What Your Nightmares Mean

Sometimes you wake up sweating, or shaking. Lying frightened in the dark, you find yourself feeling an intensely negative emotion, and you know you’ve just had a nightmare. You’re not alone. Most people, according to research, experience at least one nightmare during their lifetimes. These events cause intense emotional responses in the dreamers, described as either fear or horror. Let’s examine what they mean…

The word “nightmare” was originally used for the state of dreaming called “waking dreams,” which was associated with the REM phase of sleep.

Some common nightmares contain elements of danger such as falling, drowning, becoming disabled, losing a loved one, encountering strange and scary creatures, being murdered (or caught or attacked), becoming frozen or trapped, or facing death in some awful way. An extremely common theme is that of being chased. Most adults dream of being chased by an unknown male figure, while children dream about being chased by an animal or a scary fantasy person. Frequently, nightmares play on our fears, and we act them out – in a sense – while we sleep.

Sometimes, the cause of these types of dreams is nothing more than what we ate before going to bed. Eating often causes an increase in the body’s metabolism and thus, brain activity – which can stimulate nightmares. Other times, the cause is post-traumatic stress, from an event that happened in waking life (such as being captured or tortured). The human body seems to use nightmares as a release for the pressures suffered by the dreamer. Medication, illness (such as high fever) and drugs are other causes of nightmares. Other common settings in which nightmares can occur are times of great insecurity, emotional turmoil, depression or guilt.

Science has proven that nightmares occur as often as once a month on average. However, children under the age of five seem to be free of the occurrence. In other stages of life, nightmares occur as follows: they are most common in young children, occurring on average once per week, and very common in adolescents. The rate decreases in adults 25 and older.

Nightmares happen during REM sleep. This phase of sleep grows longer toward the later part of the dream cycle. So science tells us that the majority of nightmares occur between the middle of the night and the time we arise in the morning.

Some excellent techniques for reducing the stress of nightmares are writing them down in detail, or creating a different (and happier) ending. Other methods include talking to the major characters in the nightmare and asking them what they are attempting to do. The major idea is to calm yourself down, and to relax – so that you can better understand what your dreams are trying to tell you.

Sometimes nightmares occur when the psyche is trying to communicate something you should face up to in real life, but are just not “getting.” A reoccurring nightmare will try to present you with these “facts.”

Nightmares do not cause any physical harm, other than disturbed sleep. However, if a nightmare is just “stuffed down” into the psyche without resolution, we may find ourselves becoming very moody, depressed or irritable the next day.

Surprisingly, many people are not disturbed at all by their nightmares, but rather find them very fascinating. These people tend to dismiss their nightmares as “just dreams.” This viewpoint, according to researchers, clearly illustrates that the way we view our nightmares is more important than the nightmares themselves.

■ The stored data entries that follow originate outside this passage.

(* Assume $0<\nu<1$, $\mathbf{x}_E(t_0)\neq \mathbf{x}_P(t_0)$, and fix $\delta>0$. Let the pursuer use the feedback law $$\mathbf{v}_P(t)=\frac{\mathbf{z}_P(t)}{\|\mathbf{z}_P(t)\|},\qquad \mathbf{z}_P(t)=\big(R_{\mathcal C}-R_{\mathcal A}(t)\big)\frac{\mathbf{r}(t)}{\|\mathbf{r}(t)\|}+\nu\,\mathbf{y}(t).$$ Then, for every admissible evader control $\mathbf{v}_E(\cdot)$ with $\|\mathbf{v}_E(t)\|\le\nu$: (i) this law is well defined (i.e. $\mathbf{z}_P(t)\neq 0$) up to capture, and $\mathcal A(t)$ is contained in the interior $\mathcal C^\circ$ of $\mathcal C$ for all $t>t_0$ up to capture; (ii) capture ($\mathbf{x}_P(t)=\mathbf{x}_E(t)$) occurs at some finite time $t_{\rm capture}\le t_0+2(1+\nu^{-1})R_{\mathcal C}\ln(R_{\mathcal C}/\delta)$.
   Context: Setting (simple-motion pursuit–evasion in the plane). An evader and a pursuer have positions $\mathbf{x}_E(t),\mathbf{x}_P(t)\in\mathbb R^2$ with dynamics $\dot{\mathbf{x}}_E=\mathbf{v}_E$, $\dot{\mathbf{x}}_P=\mathbf{v}_P$, where the controls satisfy $\|\mathbf{v}_E\|\le\nu$ and $\|\mathbf{v}_P\|\le 1$ with $0\le\nu<1$. The game starts at time $t_0$ and terminates at capture, i.e. the first time $\mathbf{x}_P=\mathbf{x}_E$. Set $\alpha=1/(1-\nu^2)$, $\gamma=\nu\alpha$, $\beta=\nu^2\alpha$, $\mathbf{r}(t)=\mathbf{x}_E(t)-\mathbf{x}_P(t)$. The Apollonius disc at time $t$ is the closed disc $\mathcal A(t)=\{\mathbf{x}:\|\mathbf{x}-\mathbf{x}_{\mathcal A}(t)\|\le R_{\mathcal A}(t)\}$ with center $\mathbf{x}_{\mathcal A}(t)=\alpha\mathbf{x}_E(t)-\beta\mathbf{x}_P(t)$ and radius $R_{\mathcal A}(t)=\gamma\|\mathbf{r}(t)\|$. Given $\delta>0$, $\mathcal C$ is the fixed closed disc with center $\mathbf{x}_{\mathcal C}=\mathbf{x}_{\mathcal A}(t_0)$ and radius $R_{\mathcal C}=R_{\mathcal A}(t_0)+\delta$, and $\mathbf{y}(t)=\mathbf{x}_{\mathcal A}(t)-\mathbf{x}_{\mathcal C}$. *)

From Stdlib Require Import Reals.
Open Scope R_scope.

Definition vec : Type := (R * R)%type.

Definition vadd (u v : vec) : vec := (fst u + fst v, snd u + snd v).
Definition vsub (u v : vec) : vec := (fst u - fst v, snd u - snd v).
Definition vscale (a : R) (u : vec) : vec := (a * fst u, a * snd u).
Definition vzero : vec := (0, 0).
Definition vnorm (u : vec) : R := sqrt (fst u ^ 2 + snd u ^ 2).

Definition cdisc (c : vec) (rho : R) : vec -> Prop :=
  fun x => vnorm (vsub x c) <= rho.

Definition interior2 (S : vec -> Prop) : vec -> Prop :=
  fun x => exists eps, 0 < eps /\ forall w, vnorm (vsub w x) < eps -> S w.

Definition subset2 (S T : vec -> Prop) : Prop := forall x, S x -> T x.

Definition alpha (nu : R) : R := 1 / (1 - nu ^ 2).
Definition gamma (nu : R) : R := nu * alpha nu.
Definition beta (nu : R) : R := nu ^ 2 * alpha nu.

Definition rvec (xE xP : R -> vec) (t : R) : vec := vsub (xE t) (xP t).

Definition xA (nu : R) (xE xP : R -> vec) (t : R) : vec :=
  vsub (vscale (alpha nu) (xE t)) (vscale (beta nu) (xP t)).
Definition RA (nu : R) (xE xP : R -> vec) (t : R) : R :=
  gamma nu * vnorm (rvec xE xP t).
Definition Adisc (nu : R) (xE xP : R -> vec) (t : R) : vec -> Prop :=
  cdisc (xA nu xE xP t) (RA nu xE xP t).

Definition xC (nu t0 : R) (xE xP : R -> vec) : vec := xA nu xE xP t0.
Definition RC (nu delta t0 : R) (xE xP : R -> vec) : R := RA nu xE xP t0 + delta.
Definition Cdisc (nu delta t0 : R) (xE xP : R -> vec) : vec -> Prop :=
  cdisc (xC nu t0 xE xP) (RC nu delta t0 xE xP).

Definition yvec (nu t0 : R) (xE xP : R -> vec) (t : R) : vec :=
  vsub (xA nu xE xP t) (xC nu t0 xE xP).

Definition zP (nu delta t0 : R) (xE xP : R -> vec) (t : R) : vec :=
  vadd (vscale ((RC nu delta t0 xE xP - RA nu xE xP t) / vnorm (rvec xE xP t))
               (rvec xE xP t))
       (vscale nu (yvec nu t0 xE xP t)).

Definition vP (nu delta t0 : R) (xE xP : R -> vec) (t : R) : vec :=
  vscale (/ vnorm (zP nu delta t0 xE xP t)) (zP nu delta t0 xE xP t).

Definition has_vderiv (x : R -> vec) (t : R) (v : vec) : Prop :=
  derivable_pt_lim (fun s => fst (x s)) t (fst v) /\
  derivable_pt_lim (fun s => snd (x s)) t (snd v).

Definition right_cont_at (x : R -> vec) (t0 : R) : Prop :=
  forall eps, 0 < eps -> exists d, 0 < d /\
    forall s, t0 <= s < t0 + d -> vnorm (vsub (x s) (x t0)) < eps.

(* Trajectory generated by an admissible evader control
   (measurable, ||v_E|| <= nu) on [t0, +oo): exactly the nu-Lipschitz curves. *)
Definition evader_admissible (nu t0 : R) (xE : R -> vec) : Prop :=
  forall s t, t0 <= s -> t0 <= t -> vnorm (vsub (xE t) (xE s)) <= nu * Rabs (t - s).

(* With a := R_C - R_A and y the displacement of the Apollonius centre, the
   Apollonius disc lies in the interior of C as soon as |y| < a, i.e. as soon as
   V := a^2 - |y|^2 > 0 with a > 0.  Write z for the pursuer's heading z_P and
   u := a nu r/|r| + y.  To first order in a time step h, the evader can decrease V
   by at most 2 gamma h |u| while the pursuer increases it by 2 gamma h |z|; since
   |z|^2 - |u|^2 = (1 - nu^2) V and |z| + |u| <= 2 (1 + nu) R_C, the net rate is at
   least k V with k = nu / ((1 + nu) R_C).  The evader is only Lipschitz, so this is
   a statement about right Dini derivatives, and real induction shows that
   V(t) exp (-k (t - t0)) never drops below V(t0) = delta^2.  Since V < R_C^2 before
   capture, capture happens before t0 + 2 ln (R_C / delta) / k, which is the claimed
   bound; the capture time is the first zero of |r|. *)

From Stdlib Require Import Reals Lra Psatz Classical.
Open Scope R_scope.

(** * Planar vectors *)

Definition vdot (u v : vec) : R := fst u * fst v + snd u * snd v.

Lemma vnorm_ge0 (u : vec) : 0 <= vnorm u.
Proof. apply sqrt_pos. Qed.

Lemma vnorm_sqr (u : vec) : vnorm u ^ 2 = vdot u u.
Proof. unfold vnorm, vdot; rewrite pow2_sqrt by nra; ring. Qed.

Lemma le_of_pow2_le (x y : R) : 0 <= y -> x ^ 2 <= y ^ 2 -> x <= y.
Proof. intros Hy Hsq; destruct (Rle_lt_dec x y); auto; nra. Qed.

Lemma vnorm_le (u : vec) (c : R) : 0 <= c -> vdot u u <= c ^ 2 -> vnorm u <= c.
Proof.
  intros Hc Hu; apply le_of_pow2_le; [exact Hc|]; now rewrite vnorm_sqr.
Qed.

Lemma vdot_self_le (u : vec) (b : R) : vnorm u <= b -> vdot u u <= b ^ 2.
Proof.
  intros Hb; rewrite <- vnorm_sqr; pose proof (vnorm_ge0 u); apply pow_incr; lra.
Qed.

Lemma vnorm_vzero : vnorm vzero = 0.
Proof.
  unfold vnorm, vzero; cbn [fst snd]; replace (0 ^ 2 + 0 ^ 2) with 0 by ring; exact sqrt_0.
Qed.

Lemma vnorm_vsub_diag (u : vec) : vnorm (vsub u u) = 0.
Proof.
  unfold vnorm, vsub; cbn [fst snd]; rewrite <- sqrt_0; f_equal; ring.
Qed.

Lemma vnorm_vsub_eq0 (u v : vec) : vnorm (vsub u v) = 0 -> u = v.
Proof.
  destruct u as [u1 u2], v as [v1 v2]; intros H0.
  pose proof (vnorm_sqr (vsub (u1, u2) (v1, v2))) as Hsq.
  rewrite H0 in Hsq; unfold vdot, vsub in Hsq; cbn [fst snd] in Hsq.
  pose proof (Rle_0_sqr (u1 - v1)); pose proof (Rle_0_sqr (u2 - v2)); unfold Rsqr in *.
  f_equal; apply Rminus_diag_uniq, Rsqr_0_uniq; unfold Rsqr; lra.
Qed.

Lemma vnorm_vsub_gt0 (u v : vec) : u <> v -> 0 < vnorm (vsub u v).
Proof.
  intros Huv; destruct (vnorm_ge0 (vsub u v)) as [|H0]; auto.
  now destruct Huv; apply vnorm_vsub_eq0.
Qed.

Lemma vdot_vadd_self (u v : vec) :
  vdot (vadd u v) (vadd u v) = vdot u u + 2 * vdot u v + vdot v v.
Proof. unfold vdot, vadd; cbn [fst snd]; ring. Qed.

Lemma vdot_le_vnorm (u v : vec) : vdot u v <= vnorm u * vnorm v.
Proof.
  pose proof (vnorm_sqr u); pose proof (vnorm_sqr v).
  pose proof (vnorm_ge0 u); pose proof (vnorm_ge0 v).
  assert (Lagrange : vdot u v ^ 2 <= vdot u u * vdot v v).
  { unfold vdot; pose proof (pow2_ge_0 (fst u * snd v - snd u * fst v)); nra. }
  apply le_of_pow2_le; [now apply Rmult_le_pos|].
  rewrite Rpow_mult_distr; congruence.
Qed.

Lemma vnorm_vadd_le (u v : vec) : vnorm (vadd u v) <= vnorm u + vnorm v.
Proof.
  apply vnorm_le; [pose proof (vnorm_ge0 u); pose proof (vnorm_ge0 v); lra|].
  pose proof (vdot_le_vnorm u v); pose proof (vnorm_sqr u); pose proof (vnorm_sqr v).
  unfold vdot, vadd in *; simpl in *; nra.
Qed.

Lemma vnorm_vscale (c : R) (u : vec) : vnorm (vscale c u) = Rabs c * vnorm u.
Proof.
  unfold vnorm, vscale; cbn [fst snd].
  replace ((c * fst u) ^ 2 + (c * snd u) ^ 2) with (c ^ 2 * (fst u ^ 2 + snd u ^ 2)) by ring.
  rewrite sqrt_mult by nra; f_equal; rewrite <- Rsqr_pow2; apply sqrt_Rsqr_abs.
Qed.

Lemma vdot_ge_neg_vnorm (u v : vec) : - (vnorm u * vnorm v) <= vdot u v.
Proof.
  pose proof (vdot_le_vnorm (vscale (-1) u) v) as Hcs.
  rewrite vnorm_vscale, Rabs_left in Hcs by lra.
  unfold vdot, vscale in *; cbn [fst snd] in Hcs; lra.
Qed.

Lemma vnorm_vsub_le (u v : vec) : vnorm (vsub u v) <= vnorm u + vnorm v.
Proof.
  replace (vsub u v) with (vadd u (vscale (-1) v))
    by (unfold vsub, vadd, vscale; cbn [fst snd]; f_equal; ring).
  replace (vnorm v) with (vnorm (vscale (-1) v))
    by (rewrite vnorm_vscale, Rabs_left by lra; ring).
  apply vnorm_vadd_le.
Qed.

Lemma vnorm_le_abs (u : vec) : vnorm u <= Rabs (fst u) + Rabs (snd u).
Proof.
  apply vnorm_le; [pose proof (Rabs_pos (fst u)); pose proof (Rabs_pos (snd u)); lra|].
  pose proof (pow2_abs (fst u)); pose proof (pow2_abs (snd u)).
  pose proof (Rabs_pos (fst u)); pose proof (Rabs_pos (snd u)); unfold vdot; nra.
Qed.

Lemma Rabs_fst_le_vnorm (u : vec) : Rabs (fst u) <= vnorm u.
Proof.
  apply le_of_pow2_le; [apply vnorm_ge0|].
  rewrite pow2_abs, vnorm_sqr; unfold vdot; nra.
Qed.

Lemma Rabs_snd_le_vnorm (u : vec) : Rabs (snd u) <= vnorm u.
Proof.
  apply le_of_pow2_le; [apply vnorm_ge0|].
  rewrite pow2_abs, vnorm_sqr; unfold vdot; nra.
Qed.

Lemma vdot_normalized (z : vec) : 0 < vnorm z -> vdot (vscale (/ vnorm z) z) z = vnorm z.
Proof.
  intros Hz; replace (vdot (vscale (/ vnorm z) z) z) with (/ vnorm z * vdot z z)
    by (unfold vdot, vscale; cbn [fst snd]; ring).
  rewrite <- vnorm_sqr; field; lra.
Qed.

Lemma vnorm_normalized (z : vec) : 0 < vnorm z -> vnorm (vscale (/ vnorm z) z) = 1.
Proof.
  intros Hz; rewrite vnorm_vscale, Rabs_right; [field; lra|].
  apply Rle_ge; left; apply Rinv_0_lt_compat; exact Hz.
Qed.

Lemma vnorm_vadd_le_linear (r d : vec) : 0 < vnorm r ->
  vnorm (vadd r d) <= vnorm r + (2 * vdot r d + vdot d d) / (2 * vnorm r).
Proof.
  intros Hr; set (rho := vnorm r) in *; set (X := 2 * vdot r d + vdot d d).
  assert (Hsum : vdot (vadd r d) (vadd r d) = rho ^ 2 + X)
    by (unfold X, rho; rewrite vdot_vadd_self, vnorm_sqr; ring).
  assert (HX : - rho ^ 2 <= X) by (pose proof (vnorm_sqr (vadd r d)); nra).
  assert (HXr : - rho / 2 <= X / (2 * rho)).
  { apply (Rmult_le_reg_r (2 * rho)); [lra|]; field_simplify; nra. }
  apply vnorm_le; [lra|].
  rewrite Hsum; replace ((rho + X / (2 * rho)) ^ 2) with (rho ^ 2 + X + (X / (2 * rho)) ^ 2)
    by (field; lra).
  pose proof (pow2_ge_0 (X / (2 * rho))); lra.
Qed.

Lemma cdisc_subset_interior (c c' : vec) (rho rho' : R) :
  vnorm (vsub c' c) + rho' < rho -> subset2 (cdisc c' rho') (interior2 (cdisc c rho)).
Proof.
  intros Hlt x Hx; unfold cdisc in *.
  assert (Hxc : vnorm (vsub x c) <= rho' + vnorm (vsub c' c)).
  { replace (vsub x c) with (vadd (vsub x c') (vsub c' c))
      by (unfold vadd, vsub; cbn [fst snd]; f_equal; ring).
    pose proof (vnorm_vadd_le (vsub x c') (vsub c' c)); lra. }
  exists (rho - vnorm (vsub x c)); split; [lra|]; intros w Hw.
  replace (vsub w c) with (vadd (vsub w x) (vsub x c))
    by (unfold vadd, vsub; cbn [fst snd]; f_equal; ring).
  pose proof (vnorm_vadd_le (vsub w x) (vsub x c)); lra.
Qed.

(** * The Apollonius Lyapunov function *)

Lemma alpha_pos (nu : R) : 0 <= nu < 1 -> 0 < alpha nu.
Proof. intros Hnu; unfold alpha; apply Rdiv_lt_0_compat; nra. Qed.

Lemma gamma_pos (nu : R) : 0 < nu < 1 -> 0 < gamma nu.
Proof. intros Hnu; unfold gamma; pose proof (alpha_pos nu ltac:(lra)); nra. Qed.

Lemma gamma_one_sub_sqr (nu : R) : 0 <= nu < 1 -> gamma nu * (1 - nu ^ 2) = nu.
Proof. intros Hnu; unfold gamma, alpha; field; nra. Qed.

(* With [a = R_C - R_A(t)], [r = r(t)] and [y = y(t)] this is the heading [zP] of the
   feedback law. *)
Definition pursuer_dir (nu a : R) (r y : vec) : vec :=
  vadd (vscale (a / vnorm r) r) (vscale nu y).

(* The heading along which an evader step decreases [lyap] fastest, to first order
   (see [lyap_expansion]). *)
Definition evader_dir (nu a : R) (r y : vec) : vec :=
  vadd (vscale (a * nu / vnorm r) r) y.

Lemma vnorm_vscale_normalized (a : R) (r : vec) : 0 < vnorm r -> 0 <= a ->
  vnorm (vscale (a / vnorm r) r) = a.
Proof.
  intros Hr Ha; rewrite vnorm_vscale, Rabs_right.
  - field; lra.
  - apply Rle_ge, Rmult_le_pos; [lra | left; apply Rinv_0_lt_compat; lra].
Qed.

Lemma vnorm_pursuer_dir_le (nu a : R) (r y : vec) : 0 <= nu -> 0 < vnorm r -> 0 <= a ->
  vnorm (pursuer_dir nu a r y) <= a + nu * vnorm y.
Proof.
  intros Hnu Hr Ha; unfold pursuer_dir.
  rewrite <- (vnorm_vscale_normalized a r Hr Ha) at 2.
  replace (nu * vnorm y) with (vnorm (vscale nu y))
    by (rewrite vnorm_vscale, Rabs_right; lra).
  apply vnorm_vadd_le.
Qed.

Lemma vnorm_evader_dir_le (nu a : R) (r y : vec) : 0 <= nu -> 0 < vnorm r -> 0 <= a ->
  vnorm (evader_dir nu a r y) <= a * nu + vnorm y.
Proof.
  intros Hnu Hr Ha; unfold evader_dir.
  rewrite <- (vnorm_vscale_normalized (a * nu) r Hr) at 2 by nra; apply vnorm_vadd_le.
Qed.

So next time you find yourself with that awful feeling of fear in your stomach, after waking up in the middle of the night – get up! Walk around, and try to fill your mind with positive thoughts. Then sit down, record that dream and consider what it might have been trying to tell you.

Has anyone had any nightmares they would like to share? Tell us here.

2 thoughts on “What Your Nightmares Mean

  1. Tara Keehn

    I have had vivid nightmares of being tortured my whole life. I am not an abuse vicitm. Had a pretty normal life. My earliest torture dream was sitting next my Mom at the dinner table, and a lady coming in and strapping my hands to the table, and placing plates under my hands, and pouring boiling water over my hands until my flesh was cooked, raw, and falling off. I was about 8, and my concern was I would not be able to draw.

    Last night, which prompted me to look up nightmares of torture (and how I came across this site), I had a dream where I was watching a scene, like in a movie. A rich woman was talking to her husband, and they left a hotel room for the evening. Then it (my dream) shoots to the other room, where a man is being killed (by desire of the man who just left) by his head being dipped in acid. All of a sudden, I am that man, and my head is being dipped in acid. They bring me up, and then my 9 year old son has a sledge hammer and is beating my head in.

    I have a good relationship with my son. I don’t do drugs. This is a weird freakin’ dream.

    Reply
  2. Melissa

    In my dream I was being chased by a mummy in a maze and I was running in the middle of the maze where the maze starts. The mummy kept chasing me and when I went in the middle of the maze there was a treasure case and it was filled with gems that I didn’t even know that there was a treasure case there. Then I started trying to get the gems and that was the reason why the mummy was chasing me in the fisrt place and the reason the mummy was chasing me was because the mummy didn’t want me to get the treasure case. I kept trying to grab the treasure case, but I couldn’t because the mummy was right behide me and I couldn’t get free from the mummy and there was no escape and then the nightmare ended.